WORK TO BE COMPLETED: Print the records below once again, exactly as they were given.

Dataset entries
(* Entry (u,v) of  n/(2n-1) \sum_i (.. a ..) (x) (.. b ..)  on the index set
   blk a n * blk b n  (a basis of C^{(sum a) n} (x) C^{(sum b) n}). *)
Definition opE (C : numClosedFieldType) (n : nat) (P : 'I_4 -> 'M[C]_n)
    (s : 'I_4 -> 'I_4) (a b : 'I_4 -> nat) (u v : blk a n * blk b n) : C :=
  (n%:R / (2 * n%:R - 1)) *
  \sum_(i < 4) blkP P s i u.1 v.1 * blkP P s i u.2 v.2.

Definition opmx (C : numClosedFieldType) (n : nat) (P : 'I_4 -> 'M[C]_n)
    (s : 'I_4 -> 'I_4) (a b : 'I_4 -> nat) :
    'M[C]_#|{: blk a n * blk b n}| :=
  \matrix_(r, c) opE P s (enum_val r) (enum_val c).

(* Coordinates of  (aux_1 (+) .. (+) aux_4) (x) |phi_n>,
   |phi_n> = n^{-1/2} \sum_p |p>|p>, aux_j in C^{a_j} (x) C^{b_j}. *)
Definition auxphi (C : numClosedFieldType) (n : nat) (a b : 'I_4 -> nat)
    (aux : forall j : 'I_4, 'M[C]_(a j, b j)) (w : blk a n * blk b n) : C :=
  \sum_(j < 4) \sum_(x < a j) \sum_(y < b j) \sum_(p < n)
     (aux j x y / sqrtC n%:R) *
     (w == (Tagged (fun k => ('I_(a k) * 'I_n)%type) (x, p),
            Tagged (fun k => ('I_(b k) * 'I_n)%type) (y, p)))%:R.

From HB Require Import structures.
From mathcomp Require Import all_boot all_order all_algebra.
From mathcomp Require Import ring zify.
Set Implicit Arguments. Unset Strict Implicit. Unset Printing Implicit Defensive.
Import Order.TTheory GRing.Theory Num.Theory Num.Def.
Local Open Scope ring_scope.

(* Write lam = 2 - 1/n, so that every cyclic shift i |-> P (i + s j) of the
   projection family sums to lam * I.  A vector v of C^{(sum a) n} (x)
   C^{(sum b) n} is cut into n x n coefficient blocks X = X_{(j,x),(k,y)};
   v is an l-eigenvector of the operator iff every block satisfies
       sum_i P_{i+s j} X P_{i+s k} = (l * lam) X.                    (E)
   The key identity, for projections A_i, B_i summing to lam * I and X as in
   (E) with eigenvalue mu, is
       sum_i ||A_i X - X B_i||^2 = 2 (lam - mu) ||X||^2   (Hilbert-Schmidt),
   which gives mu <= lam, i.e. l <= 1, and for l = 1 forces every block to
   intertwine the two shifted families.  Irreducibility (Schur's lemma) then
   makes diagonal blocks (j = k) scalar, and the rank condition (ii) (the
   rank of P 0 differs from that of the other P i) kills off-diagonal blocks:
   an invertible intertwiner would conjugate P 0 to a projection of another
   rank.  Scalar diagonal blocks are exactly the coordinates of
   (aux_1 (+) .. (+) aux_4) (x) |phi_n>, and conversely such vectors are
   1-eigenvectors by (E), since P_i^2 = P_i. *)

Section HilbertSchmidt.
Variables (C : numClosedFieldType) (n : nat).

Definition adjmx (X : 'M[C]_n) : 'M[C]_n := (map_mx conjC X)^T.
Definition hsnorm (X : 'M[C]_n) : C := \tr (adjmx X *m X).

Lemma adjmxM (X Y : 'M[C]_n) : adjmx (X *m Y) = adjmx Y *m adjmx X.
Proof. by rewrite /adjmx map_mxM trmx_mul. Qed.

Lemma adjmxB (X Y : 'M[C]_n) : adjmx (X - Y) = adjmx X - adjmx Y.
Proof. by rewrite /adjmx map_mxB linearB. Qed.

ANSWER BOX:
(* Entry (u,v) of  n/(2n-1) \sum_i (.. a ..) (x) (.. b ..)  on the index set
   blk a n * blk b n  (a basis of C^{(sum a) n} (x) C^{(sum b) n}). *)
Definition opE (C : numClosedFieldType) (n : nat) (P : 'I_4 -> 'M[C]_n)
    (s : 'I_4 -> 'I_4) (a b : 'I_4 -> nat) (u v : blk a n * blk b n) : C :=
  (n%:R / (2 * n%:R - 1)) *
  \sum_(i < 4) blkP P s i u.1 v.1 * blkP P s i u.2 v.2.

Definition opmx (C : numClosedFieldType) (n : nat) (P : 'I_4 -> 'M[C]_n)
    (s : 'I_4 -> 'I_4) (a b : 'I_4 -> nat) :
    'M[C]_#|{: blk a n * blk b n}| :=
  \matrix_(r, c) opE P s (enum_val r) (enum_val c).

(* Coordinates of  (aux_1 (+) .. (+) aux_4) (x) |phi_n>,
   |phi_n> = n^{-1/2} \sum_p |p>|p>, aux_j in C^{a_j} (x) C^{b_j}. *)
Definition auxphi (C : numClosedFieldType) (n : nat) (a b : 'I_4 -> nat)
    (aux : forall j : 'I_4, 'M[C]_(a j, b j)) (w : blk a n * blk b n) : C :=
  \sum_(j < 4) \sum_(x < a j) \sum_(y < b j) \sum_(p < n)
     (aux j x y / sqrtC n%:R) *
     (w == (Tagged (fun k => ('I_(a k) * 'I_n)%type) (x, p),
            Tagged (fun k => ('I_(b k) * 'I_n)%type) (y, p)))%:R.

From HB Require Import structures.
From mathcomp Require Import all_boot all_order all_algebra.
From mathcomp Require Import ring zify.
Set Implicit Arguments. Unset Strict Implicit. Unset Printing Implicit Defensive.
Import Order.TTheory GRing.Theory Num.Theory Num.Def.
Local Open Scope ring_scope.

(* Write lam = 2 - 1/n, so that every cyclic shift i |-> P (i + s j) of the
   projection family sums to lam * I.  A vector v of C^{(sum a) n} (x)
   C^{(sum b) n} is cut into n x n coefficient blocks X = X_{(j,x),(k,y)};
   v is an l-eigenvector of the operator iff every block satisfies
       sum_i P_{i+s j} X P_{i+s k} = (l * lam) X.                    (E)
   The key identity, for projections A_i, B_i summing to lam * I and X as in
   (E) with eigenvalue mu, is
       sum_i ||A_i X - X B_i||^2 = 2 (lam - mu) ||X||^2   (Hilbert-Schmidt),
   which gives mu <= lam, i.e. l <= 1, and for l = 1 forces every block to
   intertwine the two shifted families.  Irreducibility (Schur's lemma) then
   makes diagonal blocks (j = k) scalar, and the rank condition (ii) (the
   rank of P 0 differs from that of the other P i) kills off-diagonal blocks:
   an invertible intertwiner would conjugate P 0 to a projection of another
   rank.  Scalar diagonal blocks are exactly the coordinates of
   (aux_1 (+) .. (+) aux_4) (x) |phi_n>, and conversely such vectors are
   1-eigenvectors by (E), since P_i^2 = P_i. *)

Section HilbertSchmidt.
Variables (C : numClosedFieldType) (n : nat).

Definition adjmx (X : 'M[C]_n) : 'M[C]_n := (map_mx conjC X)^T.
Definition hsnorm (X : 'M[C]_n) : C := \tr (adjmx X *m X).

Lemma adjmxM (X Y : 'M[C]_n) : adjmx (X *m Y) = adjmx Y *m adjmx X.
Proof. by rewrite /adjmx map_mxM trmx_mul. Qed.

Lemma adjmxB (X Y : 'M[C]_n) : adjmx (X - Y) = adjmx X - adjmx Y.
Proof. by rewrite /adjmx map_mxB linearB. Qed.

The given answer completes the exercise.